START Material shown
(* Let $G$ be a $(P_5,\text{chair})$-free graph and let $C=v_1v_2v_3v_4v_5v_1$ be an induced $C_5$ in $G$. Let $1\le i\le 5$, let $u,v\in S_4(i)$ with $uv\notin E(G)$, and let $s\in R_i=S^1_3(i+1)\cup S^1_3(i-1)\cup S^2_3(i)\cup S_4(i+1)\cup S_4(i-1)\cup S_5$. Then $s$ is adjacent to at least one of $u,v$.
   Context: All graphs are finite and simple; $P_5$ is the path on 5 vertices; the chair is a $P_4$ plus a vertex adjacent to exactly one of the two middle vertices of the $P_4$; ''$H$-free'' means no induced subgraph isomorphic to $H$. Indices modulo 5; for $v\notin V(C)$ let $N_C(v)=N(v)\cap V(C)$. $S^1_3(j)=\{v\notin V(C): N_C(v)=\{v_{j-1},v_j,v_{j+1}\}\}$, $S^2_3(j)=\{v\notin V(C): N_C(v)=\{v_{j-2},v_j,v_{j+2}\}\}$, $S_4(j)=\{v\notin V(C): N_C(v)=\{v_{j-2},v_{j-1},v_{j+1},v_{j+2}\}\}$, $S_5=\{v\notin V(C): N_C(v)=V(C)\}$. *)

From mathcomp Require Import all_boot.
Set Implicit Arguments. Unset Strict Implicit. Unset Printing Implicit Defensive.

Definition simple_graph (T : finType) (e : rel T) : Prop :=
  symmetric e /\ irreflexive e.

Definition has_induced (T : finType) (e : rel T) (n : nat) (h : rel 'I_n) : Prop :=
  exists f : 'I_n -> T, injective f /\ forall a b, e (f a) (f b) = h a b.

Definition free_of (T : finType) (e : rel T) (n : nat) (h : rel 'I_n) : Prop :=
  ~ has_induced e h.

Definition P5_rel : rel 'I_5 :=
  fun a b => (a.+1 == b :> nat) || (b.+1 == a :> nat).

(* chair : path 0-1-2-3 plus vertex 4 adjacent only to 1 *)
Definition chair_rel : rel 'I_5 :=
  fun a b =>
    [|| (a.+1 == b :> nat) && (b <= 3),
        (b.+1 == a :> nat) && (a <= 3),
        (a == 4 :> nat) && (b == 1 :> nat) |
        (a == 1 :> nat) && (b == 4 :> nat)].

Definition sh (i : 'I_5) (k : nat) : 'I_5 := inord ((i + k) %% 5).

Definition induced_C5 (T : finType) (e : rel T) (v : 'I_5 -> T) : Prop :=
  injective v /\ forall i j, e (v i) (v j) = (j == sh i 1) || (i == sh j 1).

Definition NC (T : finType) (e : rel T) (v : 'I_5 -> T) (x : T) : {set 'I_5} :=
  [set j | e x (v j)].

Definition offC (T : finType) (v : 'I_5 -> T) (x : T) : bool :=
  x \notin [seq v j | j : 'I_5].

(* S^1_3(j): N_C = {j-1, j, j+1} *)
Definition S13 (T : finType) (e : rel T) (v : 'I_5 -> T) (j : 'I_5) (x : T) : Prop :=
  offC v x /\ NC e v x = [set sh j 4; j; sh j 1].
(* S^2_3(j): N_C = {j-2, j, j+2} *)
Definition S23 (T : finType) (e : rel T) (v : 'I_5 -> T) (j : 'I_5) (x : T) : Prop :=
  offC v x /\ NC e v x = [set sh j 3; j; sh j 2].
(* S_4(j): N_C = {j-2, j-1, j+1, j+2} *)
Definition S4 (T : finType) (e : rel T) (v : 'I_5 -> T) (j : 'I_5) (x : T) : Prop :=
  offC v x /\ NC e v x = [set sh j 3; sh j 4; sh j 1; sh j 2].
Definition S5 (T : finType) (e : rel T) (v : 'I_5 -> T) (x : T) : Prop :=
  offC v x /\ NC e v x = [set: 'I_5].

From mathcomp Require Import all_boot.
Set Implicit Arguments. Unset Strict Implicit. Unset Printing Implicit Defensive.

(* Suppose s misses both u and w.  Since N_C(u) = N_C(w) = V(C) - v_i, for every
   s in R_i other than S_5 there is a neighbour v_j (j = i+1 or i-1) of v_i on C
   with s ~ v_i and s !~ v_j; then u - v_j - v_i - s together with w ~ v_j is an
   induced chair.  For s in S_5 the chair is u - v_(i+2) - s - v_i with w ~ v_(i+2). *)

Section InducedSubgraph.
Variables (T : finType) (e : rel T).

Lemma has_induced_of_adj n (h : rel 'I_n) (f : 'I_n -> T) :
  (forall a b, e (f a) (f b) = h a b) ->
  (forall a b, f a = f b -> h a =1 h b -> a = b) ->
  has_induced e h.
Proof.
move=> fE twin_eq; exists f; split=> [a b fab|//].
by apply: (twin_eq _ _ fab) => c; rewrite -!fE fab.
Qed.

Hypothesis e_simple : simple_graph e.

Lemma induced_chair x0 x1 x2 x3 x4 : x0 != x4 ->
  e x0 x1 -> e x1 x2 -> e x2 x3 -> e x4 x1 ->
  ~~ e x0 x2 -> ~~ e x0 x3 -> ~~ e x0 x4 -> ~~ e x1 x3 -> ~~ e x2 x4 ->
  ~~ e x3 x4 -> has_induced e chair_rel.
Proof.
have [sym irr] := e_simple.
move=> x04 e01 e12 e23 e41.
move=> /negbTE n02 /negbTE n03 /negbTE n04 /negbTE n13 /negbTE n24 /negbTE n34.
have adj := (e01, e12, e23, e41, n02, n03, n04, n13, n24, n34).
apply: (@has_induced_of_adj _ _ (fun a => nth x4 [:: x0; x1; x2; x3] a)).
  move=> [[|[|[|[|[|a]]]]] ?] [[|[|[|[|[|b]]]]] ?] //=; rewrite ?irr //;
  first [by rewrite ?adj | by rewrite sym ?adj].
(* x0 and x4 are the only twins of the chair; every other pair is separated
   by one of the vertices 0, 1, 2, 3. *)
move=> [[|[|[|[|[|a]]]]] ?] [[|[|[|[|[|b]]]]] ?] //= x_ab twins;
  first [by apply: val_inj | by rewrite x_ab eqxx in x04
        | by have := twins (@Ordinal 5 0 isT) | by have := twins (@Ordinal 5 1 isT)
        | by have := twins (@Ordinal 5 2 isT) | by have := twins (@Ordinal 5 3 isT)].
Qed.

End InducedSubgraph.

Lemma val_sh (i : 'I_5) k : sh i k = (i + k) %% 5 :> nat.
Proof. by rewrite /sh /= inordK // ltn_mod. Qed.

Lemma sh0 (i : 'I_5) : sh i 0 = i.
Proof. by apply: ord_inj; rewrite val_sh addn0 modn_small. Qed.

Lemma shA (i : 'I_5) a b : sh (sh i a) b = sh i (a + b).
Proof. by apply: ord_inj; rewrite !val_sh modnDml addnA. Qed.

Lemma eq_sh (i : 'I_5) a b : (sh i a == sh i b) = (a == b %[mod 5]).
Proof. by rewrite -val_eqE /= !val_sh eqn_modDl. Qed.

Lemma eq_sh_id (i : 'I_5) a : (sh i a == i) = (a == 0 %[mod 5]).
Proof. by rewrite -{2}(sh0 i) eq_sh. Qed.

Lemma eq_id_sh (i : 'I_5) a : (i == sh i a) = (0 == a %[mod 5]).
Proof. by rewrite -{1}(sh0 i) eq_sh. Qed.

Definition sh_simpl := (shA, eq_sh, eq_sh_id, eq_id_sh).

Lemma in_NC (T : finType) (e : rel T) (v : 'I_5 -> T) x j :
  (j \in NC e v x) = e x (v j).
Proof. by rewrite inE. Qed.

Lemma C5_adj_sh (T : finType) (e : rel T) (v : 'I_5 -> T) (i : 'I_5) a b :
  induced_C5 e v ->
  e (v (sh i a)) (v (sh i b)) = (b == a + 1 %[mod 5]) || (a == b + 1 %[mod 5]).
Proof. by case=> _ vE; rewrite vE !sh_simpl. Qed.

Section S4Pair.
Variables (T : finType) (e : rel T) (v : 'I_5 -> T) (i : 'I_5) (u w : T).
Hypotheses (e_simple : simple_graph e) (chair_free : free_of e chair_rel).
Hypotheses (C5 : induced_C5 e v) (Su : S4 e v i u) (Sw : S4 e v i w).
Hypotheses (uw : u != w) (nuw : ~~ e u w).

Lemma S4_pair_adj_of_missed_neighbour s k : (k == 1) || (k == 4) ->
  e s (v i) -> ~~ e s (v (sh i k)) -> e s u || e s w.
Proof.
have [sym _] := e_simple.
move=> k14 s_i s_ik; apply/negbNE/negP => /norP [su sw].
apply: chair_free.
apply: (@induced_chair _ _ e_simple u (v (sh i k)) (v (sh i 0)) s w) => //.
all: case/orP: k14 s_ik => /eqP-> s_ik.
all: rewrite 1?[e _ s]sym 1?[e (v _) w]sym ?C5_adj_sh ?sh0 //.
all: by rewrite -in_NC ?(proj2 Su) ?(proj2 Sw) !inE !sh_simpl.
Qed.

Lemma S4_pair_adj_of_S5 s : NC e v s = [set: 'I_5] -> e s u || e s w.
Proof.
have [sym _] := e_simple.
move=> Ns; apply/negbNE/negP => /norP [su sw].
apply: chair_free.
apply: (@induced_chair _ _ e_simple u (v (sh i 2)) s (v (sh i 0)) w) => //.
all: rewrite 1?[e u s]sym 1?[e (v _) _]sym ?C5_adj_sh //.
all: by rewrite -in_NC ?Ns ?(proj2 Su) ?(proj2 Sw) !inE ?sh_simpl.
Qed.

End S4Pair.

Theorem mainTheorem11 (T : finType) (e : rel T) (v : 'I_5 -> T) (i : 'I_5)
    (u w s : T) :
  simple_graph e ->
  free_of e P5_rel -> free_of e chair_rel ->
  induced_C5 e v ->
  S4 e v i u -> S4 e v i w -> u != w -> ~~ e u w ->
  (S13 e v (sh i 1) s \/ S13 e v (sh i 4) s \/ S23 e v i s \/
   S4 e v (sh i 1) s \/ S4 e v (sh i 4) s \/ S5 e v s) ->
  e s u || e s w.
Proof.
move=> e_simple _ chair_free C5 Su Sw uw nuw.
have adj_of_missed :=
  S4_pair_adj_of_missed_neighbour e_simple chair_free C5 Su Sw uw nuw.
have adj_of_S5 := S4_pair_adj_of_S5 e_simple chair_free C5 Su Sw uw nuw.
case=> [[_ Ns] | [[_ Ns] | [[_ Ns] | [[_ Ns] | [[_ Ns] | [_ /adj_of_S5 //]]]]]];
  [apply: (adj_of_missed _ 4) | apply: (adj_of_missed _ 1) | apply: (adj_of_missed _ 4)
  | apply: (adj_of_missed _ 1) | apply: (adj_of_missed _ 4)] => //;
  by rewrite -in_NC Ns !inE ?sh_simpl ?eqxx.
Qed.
END Material shown
START Material shown
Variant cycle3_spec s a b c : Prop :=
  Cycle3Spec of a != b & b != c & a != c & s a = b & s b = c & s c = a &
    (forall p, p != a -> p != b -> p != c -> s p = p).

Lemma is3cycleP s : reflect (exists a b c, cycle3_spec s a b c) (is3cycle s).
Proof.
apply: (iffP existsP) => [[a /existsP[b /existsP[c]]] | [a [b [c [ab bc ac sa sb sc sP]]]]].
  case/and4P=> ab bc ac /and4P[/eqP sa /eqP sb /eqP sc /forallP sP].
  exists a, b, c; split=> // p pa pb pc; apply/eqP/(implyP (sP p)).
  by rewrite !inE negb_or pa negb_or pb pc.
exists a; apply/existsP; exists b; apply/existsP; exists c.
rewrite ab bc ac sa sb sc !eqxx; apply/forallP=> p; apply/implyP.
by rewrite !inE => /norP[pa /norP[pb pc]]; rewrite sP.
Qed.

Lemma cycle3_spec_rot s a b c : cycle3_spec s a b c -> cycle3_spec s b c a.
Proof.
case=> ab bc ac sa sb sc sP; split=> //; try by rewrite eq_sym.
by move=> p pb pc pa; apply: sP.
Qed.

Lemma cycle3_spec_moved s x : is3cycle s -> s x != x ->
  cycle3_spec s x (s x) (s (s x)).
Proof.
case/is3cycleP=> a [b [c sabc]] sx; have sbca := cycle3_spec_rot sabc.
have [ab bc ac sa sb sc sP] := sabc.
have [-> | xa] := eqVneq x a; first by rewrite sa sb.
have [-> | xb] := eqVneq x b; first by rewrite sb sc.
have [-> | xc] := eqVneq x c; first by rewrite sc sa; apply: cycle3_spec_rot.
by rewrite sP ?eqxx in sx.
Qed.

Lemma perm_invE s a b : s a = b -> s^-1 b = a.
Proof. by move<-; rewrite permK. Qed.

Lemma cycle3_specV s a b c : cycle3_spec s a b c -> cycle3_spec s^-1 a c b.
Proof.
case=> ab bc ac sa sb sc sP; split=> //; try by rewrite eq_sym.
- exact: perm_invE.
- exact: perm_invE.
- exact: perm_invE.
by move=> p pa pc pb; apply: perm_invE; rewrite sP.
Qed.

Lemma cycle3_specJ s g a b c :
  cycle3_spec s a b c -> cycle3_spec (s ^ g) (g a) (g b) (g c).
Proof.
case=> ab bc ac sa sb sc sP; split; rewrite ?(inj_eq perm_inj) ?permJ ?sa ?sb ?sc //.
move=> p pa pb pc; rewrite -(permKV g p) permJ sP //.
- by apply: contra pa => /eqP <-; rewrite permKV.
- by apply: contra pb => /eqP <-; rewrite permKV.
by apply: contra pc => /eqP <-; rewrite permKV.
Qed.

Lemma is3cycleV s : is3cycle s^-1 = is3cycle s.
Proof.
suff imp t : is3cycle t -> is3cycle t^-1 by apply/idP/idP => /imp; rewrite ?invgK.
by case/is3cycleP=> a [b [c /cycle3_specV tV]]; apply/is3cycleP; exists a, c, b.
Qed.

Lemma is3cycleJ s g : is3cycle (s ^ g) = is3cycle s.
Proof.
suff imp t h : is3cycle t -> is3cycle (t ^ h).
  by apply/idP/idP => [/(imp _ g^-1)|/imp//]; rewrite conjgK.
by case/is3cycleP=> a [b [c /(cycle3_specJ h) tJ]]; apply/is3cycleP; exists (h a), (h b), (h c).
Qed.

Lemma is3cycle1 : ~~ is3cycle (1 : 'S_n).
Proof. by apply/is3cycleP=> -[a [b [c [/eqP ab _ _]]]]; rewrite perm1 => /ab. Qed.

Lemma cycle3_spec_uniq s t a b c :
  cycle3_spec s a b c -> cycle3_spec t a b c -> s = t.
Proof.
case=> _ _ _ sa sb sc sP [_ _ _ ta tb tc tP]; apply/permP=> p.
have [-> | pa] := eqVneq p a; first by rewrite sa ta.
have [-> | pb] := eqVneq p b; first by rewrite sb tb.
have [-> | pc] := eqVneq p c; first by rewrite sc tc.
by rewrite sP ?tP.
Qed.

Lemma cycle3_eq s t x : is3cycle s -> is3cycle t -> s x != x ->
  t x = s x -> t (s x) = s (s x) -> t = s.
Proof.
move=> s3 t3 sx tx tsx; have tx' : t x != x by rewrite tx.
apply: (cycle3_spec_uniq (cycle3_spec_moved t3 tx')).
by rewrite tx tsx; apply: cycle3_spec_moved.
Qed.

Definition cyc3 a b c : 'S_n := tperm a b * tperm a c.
END Material shown
START Material shown
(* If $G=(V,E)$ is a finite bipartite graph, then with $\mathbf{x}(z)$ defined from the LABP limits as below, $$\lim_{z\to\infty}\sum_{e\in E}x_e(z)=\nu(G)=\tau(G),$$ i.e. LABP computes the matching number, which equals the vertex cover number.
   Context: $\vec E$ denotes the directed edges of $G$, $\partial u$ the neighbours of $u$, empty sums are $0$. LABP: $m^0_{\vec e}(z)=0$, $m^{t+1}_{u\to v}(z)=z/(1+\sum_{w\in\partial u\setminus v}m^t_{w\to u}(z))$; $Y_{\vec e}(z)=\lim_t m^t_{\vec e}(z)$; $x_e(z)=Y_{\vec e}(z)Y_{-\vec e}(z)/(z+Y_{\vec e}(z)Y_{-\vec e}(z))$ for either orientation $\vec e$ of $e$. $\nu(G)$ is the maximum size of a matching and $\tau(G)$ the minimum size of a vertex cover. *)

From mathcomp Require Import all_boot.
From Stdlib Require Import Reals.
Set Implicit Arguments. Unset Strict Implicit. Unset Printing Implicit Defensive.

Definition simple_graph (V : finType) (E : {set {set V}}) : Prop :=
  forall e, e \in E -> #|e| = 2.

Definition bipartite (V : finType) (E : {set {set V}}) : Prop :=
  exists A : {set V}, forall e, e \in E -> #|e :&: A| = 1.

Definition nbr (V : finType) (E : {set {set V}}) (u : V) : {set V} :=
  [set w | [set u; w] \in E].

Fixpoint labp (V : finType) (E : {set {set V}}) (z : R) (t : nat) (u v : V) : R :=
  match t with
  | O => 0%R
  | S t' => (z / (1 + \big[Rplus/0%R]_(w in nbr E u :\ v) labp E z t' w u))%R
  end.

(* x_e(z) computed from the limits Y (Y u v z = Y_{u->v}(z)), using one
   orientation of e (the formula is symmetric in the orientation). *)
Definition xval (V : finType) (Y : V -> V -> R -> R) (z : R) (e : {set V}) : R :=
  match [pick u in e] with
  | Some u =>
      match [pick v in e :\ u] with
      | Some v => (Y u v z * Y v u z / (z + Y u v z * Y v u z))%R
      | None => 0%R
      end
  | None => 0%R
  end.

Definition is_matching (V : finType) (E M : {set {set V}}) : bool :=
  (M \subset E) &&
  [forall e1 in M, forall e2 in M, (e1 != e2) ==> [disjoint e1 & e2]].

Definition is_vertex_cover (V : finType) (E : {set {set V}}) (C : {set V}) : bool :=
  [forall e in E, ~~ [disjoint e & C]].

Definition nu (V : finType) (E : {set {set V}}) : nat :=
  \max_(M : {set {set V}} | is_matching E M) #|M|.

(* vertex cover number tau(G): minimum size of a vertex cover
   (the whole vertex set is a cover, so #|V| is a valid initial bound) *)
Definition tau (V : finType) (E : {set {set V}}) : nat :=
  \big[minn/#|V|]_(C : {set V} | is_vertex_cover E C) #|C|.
END Material shown
▶ [What you are asked to do]:
From the material above, set down exactly the lines starting at the one with "apply: (@induced_chair _ _ e_simple u (v (sh i k))" and ending at the one with "S4 e v i u ->", end lines included.

▶ [Answer area]:
apply: (@induced_chair _ _ e_simple u (v (sh i k)) (v (sh i 0)) s w) => //.
all: case/orP: k14 s_ik => /eqP-> s_ik.
all: rewrite 1?[e _ s]sym 1?[e (v _) w]sym ?C5_adj_sh ?sh0 //.
all: by rewrite -in_NC ?(proj2 Su) ?(proj2 Sw) !inE !sh_simpl.
Qed.

Lemma S4_pair_adj_of_S5 s : NC e v s = [set: 'I_5] -> e s u || e s w.
Proof.
have [sym _] := e_simple.
move=> Ns; apply/negbNE/negP => /norP [su sw].
apply: chair_free.
apply: (@induced_chair _ _ e_simple u (v (sh i 2)) s (v (sh i 0)) w) => //.
all: rewrite 1?[e u s]sym 1?[e (v _) _]sym ?C5_adj_sh //.
all: by rewrite -in_NC ?Ns ?(proj2 Su) ?(proj2 Sw) !inE ?sh_simpl.
Qed.

End S4Pair.

Theorem mainTheorem11 (T : finType) (e : rel T) (v : 'I_5 -> T) (i : 'I_5)
    (u w s : T) :
  simple_graph e ->
  free_of e P5_rel -> free_of e chair_rel ->
  induced_C5 e v ->
  S4 e v i u -> S4 e v i w -> u != w -> ~~ e u w ->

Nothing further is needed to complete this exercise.